Loads of Bear Hugs!!!!!!


----------



## virgil (Mar 12, 2007)

sammclouis said:
			
		

> yes actually i know them very well,i know bare bum the best




Did you realise that Mary had a little lamb,
she also had a bear, 
I always saw her little lamb
but never saw her bear!


----------



## guest (Mar 12, 2007)

***** said:
			
		

> Is that Virgil????


i hope not he he he   he's been on that naturist subject again he he he


----------



## virgil (Mar 12, 2007)

***** said:
			
		

> Is that Virgil????




You wouldn't be able to see the saddle if it was me!


----------



## guest (Mar 12, 2007)

virgil said:
			
		

> Did you realise that Mary had a little lamb,
> she also had a bear,
> I always saw her little lamb
> but never saw her bear!


ha ha ha ha ha ha ha ha ha funny


----------



## hillwalker (Mar 12, 2007)

***** said:
			
		

> Are U saying that U R a Big Bum!


 good , yin mate


----------



## virgil (Mar 12, 2007)

***** said:
			
		

> Are U saying that U R a Big Bum!



Lets just say that over the last 4 months of inactivity I have somehow gathered over 1½ stones in weight!


----------



## guest (Mar 12, 2007)

virgil said:
			
		

> Lets just say that over the last 4 months of inactivity I have somehow gathered over 1½ stones in weight!

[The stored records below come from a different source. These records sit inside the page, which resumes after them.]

(* Let $\mathcal{A}$ be a unital algebra over a field $F$ with $\operatorname{char}(F)\neq 2$. Then: (a) if $Z_J(\mathcal{A})=Z(\mathcal{A})$, then $\operatorname{JCent}(\mathcal{A})=\operatorname{Cent}(\mathcal{A})$; (b) if $Z_Q(\mathcal{A})=Z(\mathcal{A})$, then $\operatorname{QJCent}(\mathcal{A})=\operatorname{Cent}(\mathcal{A})$; (c) if $Z_Q(\mathcal{A})=Z_J(\mathcal{A})$, then $\operatorname{QJCent}(\mathcal{A})=\operatorname{JCent}(\mathcal{A})$.
   Context: $x\circ y=xy+yx$, $[x,y]=xy-yx$. $Z(\mathcal{A})$ is the center. $Z_J(\mathcal{A})=\{a: [[a,x],y]=0\ \forall x,y\in\mathcal{A}\}$, $Z_Q(\mathcal{A})=\{a: [a,[x,y]]=0\ \forall x,y\in\mathcal{A}\}$. $\operatorname{Cent}(\mathcal{A})$: linear $f:\mathcal{A}\to\mathcal{A}$ with $f(xy)=f(x)y=xf(y)$ for all $x,y$. $\operatorname{JCent}(\mathcal{A})$: linear $f$ with $f(x\circ y)=f(x)\circ y$ for all $x,y$. $\operatorname{QJCent}(\mathcal{A})$: linear $f$ with $f(x)\circ y=x\circ f(y)$ for all $x,y$. *)

From mathcomp Require Import all_boot all_algebra.
Set Implicit Arguments. Unset Strict Implicit. Unset Printing Implicit Defensive.
Import GRing.Theory.
Local Open Scope ring_scope.

Definition jprod (R : pzRingType) (x y : R) : R := x * y + y * x.
Definition comm (R : pzRingType) (x y : R) : R := x * y - y * x.

Definition in_center (R : pzRingType) (a : R) : Prop := forall x : R, comm a x = 0.
Definition in_ZJ (R : pzRingType) (a : R) : Prop :=
  forall x y : R, comm (comm a x) y = 0.
Definition in_ZQ (R : pzRingType) (a : R) : Prop :=
  forall x y : R, comm a (comm x y) = 0.

Definition is_cent (F : fieldType) (A : algType F) (f : A -> A) : Prop :=
  linear f /\ forall x y : A, f (x * y) = f x * y /\ f (x * y) = x * f y.
Definition is_jcent (F : fieldType) (A : algType F) (f : A -> A) : Prop :=
  linear f /\ forall x y : A, f (jprod x y) = jprod (f x) y.
Definition is_qjcent (F : fieldType) (A : algType F) (f : A -> A) : Prop :=
  linear f /\ forall x y : A, jprod (f x) y = jprod x (f y).

(* Each of the three kinds of centroid maps f of a unital algebra is determined
   by c = f 1: putting y = 1 in the defining identity gives 2 f(x) = c ∘ x.
   Conversely, for a linear f with 2 f(x) = c ∘ x, the identities
     c ∘ (x ∘ y) - (c ∘ x) ∘ y = [[c, y], x],
     (c ∘ x) ∘ y - x ∘ (c ∘ y) = [c, [x, y]]
   show that f is a Jordan centroid iff c is in Z_J and a quasi-Jordan centroid
   iff c is in Z_Q, while f is a centroid iff c is central.  As char F <> 2,
   2 f(x) determines f(x), so each class of maps is described by its own
   center, and equal centers give equal classes. *)

From mathcomp Require Import all_boot all_algebra.

Set Implicit Arguments.
Unset Strict Implicit.
Unset Printing Implicit Defensive.

Import GRing.Theory.
Local Open Scope ring_scope.

Section JordanIdentities.

Variable R : pzRingType.
Implicit Types c x y : R.

Lemma jprodC x y : jprod x y = jprod y x.
Proof. exact: addrC. Qed.

Lemma jprod1r x : jprod 1 x = x *+ 2.
Proof. by rewrite /jprod mul1r mulr1 mulr2n. Qed.

Lemma jprodMn2l x y : jprod (x *+ 2) y = jprod x y *+ 2.
Proof. by rewrite /jprod mulrnAl mulrnAr mulrnDl. Qed.

Lemma jprodMn2r x y : jprod x (y *+ 2) = jprod x y *+ 2.
Proof. by rewrite jprodC jprodMn2l jprodC. Qed.

Lemma jprodA_comm c x y :
  jprod c (jprod x y) - jprod (jprod c x) y = comm (comm c y) x.
Proof.
(* Expand, then reorder the eight monomials so that the two cancelling pairs
   are adjacent and the rest is the expansion of the right-hand side. *)
rewrite /jprod /comm !mulrDr !mulrDl !mulrN !mulNr !mulrA !opprD ?opprK !addrA.
by rewrite [LHS](ACl (((1*5)*(4*8))*(((2*7)*6)*3)))%AC /= !subrr !add0r.
Qed.

Lemma jprodCA_comm c x y :
  jprod (jprod c x) y - jprod x (jprod c y) = comm c (comm x y).
Proof.
rewrite /jprod /comm !mulrDr !mulrDl !mulrN !mulNr !mulrA !opprD ?opprK !addrA.
by rewrite [LHS](ACl (((2*5)*(3*8))*(((1*7)*6)*4)))%AC /= !subrr !add0r.
Qed.

Lemma centerC c x : in_center c -> x * c = c * x.
Proof. by move=> cc; apply/esym/subr0_eq/cc. Qed.

Lemma jprod_center c x : in_center c -> jprod c x = (c * x) *+ 2.
Proof. by move=> cc; rewrite /jprod (centerC x cc) mulr2n. Qed.

End JordanIdentities.

Section Centroids.

Variables (F : fieldType) (A : algType F).
Hypothesis hF : (2 \notin [pchar F])%N.
Implicit Types (c x y : A) (f : A -> A).

Lemma mulr2nI : injective (fun x : A => x *+ 2).
Proof.
move=> x y /= e2; have two_neq0 : (2%:R : F) != 0.
  by apply: contra hF => two_eq0; rewrite inE /= two_eq0.
by rewrite -(scalerK two_neq0 x) scaler_nat e2 -scaler_nat scalerK.
Qed.

Lemma linear_add f : linear f -> {morph f : x y / x + y}.
Proof. by move=> f_lin x y; have := f_lin 1 x y; rewrite !scale1r. Qed.

Definition half_jmul_in (P : A -> Prop) f : Prop :=
  [/\ linear f, P (f 1) & forall x, f x *+ 2 = jprod (f 1) x].

Lemma jcentP f : is_jcent f <-> half_jmul_in (@in_ZJ A) f.
Proof.
split=> [[f_lin fJ] | [f_lin ZJf1 f2]].
  have f2 x : f x *+ 2 = jprod (f 1) x.
    by rewrite -fJ jprod1r mulr2n linear_add // -mulr2n.
  split=> // y x; rewrite -jprodA_comm -!f2 (jprodMn2l (f x)) fJ.
  exact: subrr.
split=> // x y; apply: mulr2nI => /=.
rewrite -jprodMn2l f2 (f2 x); apply/eqP.
by rewrite -subr_eq0 jprodA_comm ZJf1.
Qed.

Lemma qjcentP f : is_qjcent f <-> half_jmul_in (@in_ZQ A) f.
Proof.
split=> [[f_lin fQ] | [f_lin ZQf1 f2]].
  have f2 x : f x *+ 2 = jprod (f 1) x.
    by rewrite -jprod1r jprodC fQ jprodC.
  split=> // x y; rewrite -jprodCA_comm -!f2 jprodMn2l jprodMn2r fQ.
  exact: subrr.
split=> // x y; apply: mulr2nI => /=.
rewrite -jprodMn2l -jprodMn2r !f2; apply/eqP.
by rewrite -subr_eq0 jprodCA_comm ZQf1.
Qed.

Lemma centP f : is_cent f <-> half_jmul_in (@in_center A) f.
Proof.
split=> [[f_lin fC] | [f_lin Zf1 f2]].
  have fl x : f x = f 1 * x by rewrite -(fC 1 x).1 mul1r.
  have fr x : f x = x * f 1 by rewrite -(fC x 1).2 mulr1.
  have Zf1 : in_center (f 1) by move=> x; rewrite /comm -fl -fr subrr.
  by split=> // x; rewrite (jprod_center x Zf1) -fl.
have fl x : f x = f 1 * x.
  by apply: mulr2nI; rewrite /= f2 (jprod_center x Zf1).
split=> // x y; rewrite (fl (x * y)) (fl x) mulrA; split=> //.
by rewrite (fl y) mulrA (centerC x Zf1).
Qed.

Lemma half_jmul_in_transfer (P Q : A -> Prop) (K L : (A -> A) -> Prop) :
  (forall c, P c <-> Q c) ->
  (forall f, K f <-> half_jmul_in P f) -> (forall f, L f <-> half_jmul_in Q f) ->
  forall f, K f <-> L f.
Proof.
move=> PQ KP LQ f; apply: iff_trans (KP f) (iff_sym (iff_trans (LQ f) _)).
by split=> -[f_lin /PQ Pf1 f2].
Qed.

End Centroids.

Theorem corollary3p2 (F : fieldType) (A : algType F) (hF : (2 \notin [pchar F])%N) :
  ((forall a : A, in_ZJ a <-> in_center a) ->
     forall f : A -> A, is_jcent f <-> is_cent f) /\
  ((forall a : A, in_ZQ a <-> in_center a) ->
     forall f : A -> A, is_qjcent f <-> is_cent f) /\
  ((forall a : A, in_ZQ a <-> in_ZJ a) ->
     forall f : A -> A, is_qjcent f <-> is_jcent f).
Proof.
split; [|split] => centers_eq; apply: (half_jmul_in_transfer centers_eq).
- exact: jcentP.
- exact: centP.
- exact: qjcentP.
- exact: centP.
- exact: qjcentP.
- exact: jcentP.
Qed.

a bit of slap 'n' tickle will put you right,
slap the f*t & tickle the ripples ha ha ha   im amusing myself again..
sorry virgil but you looked in good shape to me on that photo


----------



## virgil (Mar 12, 2007)

sammclouis said:
			
		

> virgil you looked in good shape to me on that photo




Trouble is ...... That was taken in first week in August '06


----------



## hillwalker (Mar 12, 2007)

sammclouis said:
			
		

> a bit of slap 'n' tickle will put you right,
> slap the f*t & tickle the ripples ha ha ha   im amusing myself again..
> sorry virgil but you looked in good shape to me on that photo


 sam ur nuts. keep it up


----------



## guest (Mar 12, 2007)

*baywatch babe*



			
				virgil said:
			
		

> Trouble is ...... That was taken in first week in August '06


still....it was good to look at he he


----------



## guest (Mar 12, 2007)

*im not madonna,im madonit*



			
				hillwalker said:
			
		

> sam ur nuts. keep it up


i thought it was funny,it just come to me so i had to share it with you guys im still giggling now he he he he


----------



## hillwalker (Mar 12, 2007)

***** said:
			
		

> Trick Photography


 thats the reason, he took that long to post pict,


----------



## virgil (Mar 12, 2007)

***** said:
			
		

> Trick Photography




Must have been as SWMBO took it!


----------



## virgil (Mar 12, 2007)

hillwalker said:
			
		

> thats the reason, he took that long to post pict,



Its the only recent one we've got!


----------



## guest (Mar 12, 2007)

*just hear him out guys!!!!!!!!*



			
				virgil said:
			
		

> Its the only recent one we've got!


i really do believe him


----------



## hillwalker (Mar 12, 2007)

sammclouis said:
			
		

> i really do believe him


 so do i..


----------



## virgil (Mar 12, 2007)

virgil said:
			
		

> Its the only recent one we've got!




This was the last one I could find of me.... well nearly.


----------



## virgil (Mar 12, 2007)

And no I am not the 6th or 7th on the front row!


----------



## hillwalker (Mar 12, 2007)

virgil said:
			
		

> And no I am not the 6th or 7th on the front row!


 that' a nice beard mate


----------



## hillwalker (Mar 12, 2007)

***** said:
			
		

> I was just about to ask if that was U


 cheers


----------



## guest (Mar 12, 2007)

*What You Doing Here Graham He He He*


----------



## hillwalker (Mar 12, 2007)

sammclouis said:
			
		

>


  NEWWWWWWWWWWWWWWWWWW SHOOOOOOOOOS


----------



## virgil (Mar 12, 2007)

***** said:
			
		

> Goin to get u!
> Wondered if Virgil is the one with the wig (middle back row)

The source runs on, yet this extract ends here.